▸ WHAT YOU SHOULD DO
Take every line from the entries below that includes the word "case" and copy it.

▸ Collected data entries
Lemma shift_head_runs l st src dst (a : tsym M) S D :
  [&& src != dst, src != v_head & dst != v_head] ->
  l src = Some (VInt (tape_code S)) -> l dst = Some (VInt (tape_code D)) ->
  exists l', runs_to (shift_head src dst (Z.of_nat (val a))) l st (ONormal l' st) /\
    [/\ l' src = Some (VInt (tape_code (behead S))),
        l' dst = Some (VInt (tape_code (a :: D))),
        l' v_head = Some (VInt (Z.of_nat (val (head (blank M) S)))) &
        agree_off l' l [:: src; dst; v_head]].
Proof.
case/and3P=> /negbTE sd /negbTE sh /negbTE dh Hs Hd.
have [ds hs hd] : [/\ (dst == src) = false, (v_head == src) = false & (v_head == dst) = false].
  by rewrite ![_ == src]eq_sym [v_head == _]eq_sym.
apply: runs_to_seq_exists; first by apply: runs_to_assign; rewrite /ev /= Hd.
case: S Hs => [|x S] Hs.
  eexists; split.
    apply: (runs_to_if (b := true)); first by rewrite /ev /= upd_locE sd Hs.
    exact: runs_to_assign.
  split; rewrite ?upd_locE ?sd ?sh ?dh ?ds ?hs ?hd ?eqxx ?tape_code_cons //.
  by do 2 (apply: agree_off_upd; last by rewrite !inE eqxx ?orbT).
eexists; split.
  apply: (runs_to_if (b := false)).
    by rewrite /ev /= upd_locE sd Hs tape_code_cons_eqb0.
  apply: runs_to_seq; first by apply: runs_to_assign; rewrite /ev /= upd_locE sd Hs radix_eqb0.
  by apply: runs_to_assign; rewrite /ev /= !upd_locE sh sd Hs /= radix_eqb0.
split; rewrite ?upd_locE ?sd ?sh ?dh ?ds ?hs ?hd ?eqxx
  ?tape_code_div ?tape_code_head ?tape_code_cons //.
by do 3 (apply: agree_off_upd; last by rewrite !inE eqxx ?orbT).
Qed.

Lemma transition_runs l st c : codes_config l c true ->
  exists l', runs_to (transition (tm_delta (cstate c) (chead c))) l st (ONormal l' st) /\
    match step c with
    | None => codes_config l' c false
    | Some c' => codes_config l' c' true
    end.
Proof.
case: c => q L h R [Hq Hh Hl Hr Hrun]; rewrite /step /=; simpl in *.
case: (tm_delta q h) => [[[q' a'] m]|]; last first.
  by eexists; split; [apply: runs_to_assign | split; rewrite ?upd_locE].
apply: runs_to_seq_exists; first exact: runs_to_assign.
set l1 := upd_loc l v_state _.
have [Hl1 Hr1] : l1 v_left = l v_left /\ l1 v_right = l v_right by rewrite /l1 !upd_locE.
rewrite -{}Hl1 -{}Hr1 in Hl Hr.
case: m => /=.
- have [l2 [E2 [Hl2 Hr2 Hh2 agr2]]] :=
    shift_head_runs (src := v_left) (dst := v_right) st a' isT Hl Hr.
  exists l2; split=> //; case: L Hl Hl2 Hh2 => [|x L] _ Hl2 Hh2;
    by split=> /=; rewrite ?Hl2 ?Hr2 ?Hh2 // agr2 // /l1 upd_locE.
- have [l2 [E2 [Hr2 Hl2 Hh2 agr2]]] :=
    shift_head_runs (src := v_right) (dst := v_left) st a' isT Hr Hl.
  exists l2; split=> //; case: R Hr Hr2 Hh2 => [|x R] _ Hr2 Hh2;
    by split=> /=; rewrite ?Hl2 ?Hr2 ?Hh2 // agr2 // /l1 upd_locE.
- eexists; split; first exact: runs_to_assign.
  by split; rewrite ?upd_locE.
Qed.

▸ OUTPUT BELOW
case/and3P=> /negbTE sd /negbTE sh /negbTE dh Hs Hd.
case: S Hs => [|x S] Hs.
case: c => q L h R [Hq Hh Hl Hr Hrun]; rewrite /step /=; simpl in *.
case: (tm_delta q h) => [[[q' a'] m]|]; last first.
case: m => /=.
  exists l2; split=> //; case: L Hl Hl2 Hh2 => [|x L] _ Hl2 Hh2;
  exists l2; split=> //; case: R Hr Hr2 Hh2 => [|x R] _ Hr2 Hh2;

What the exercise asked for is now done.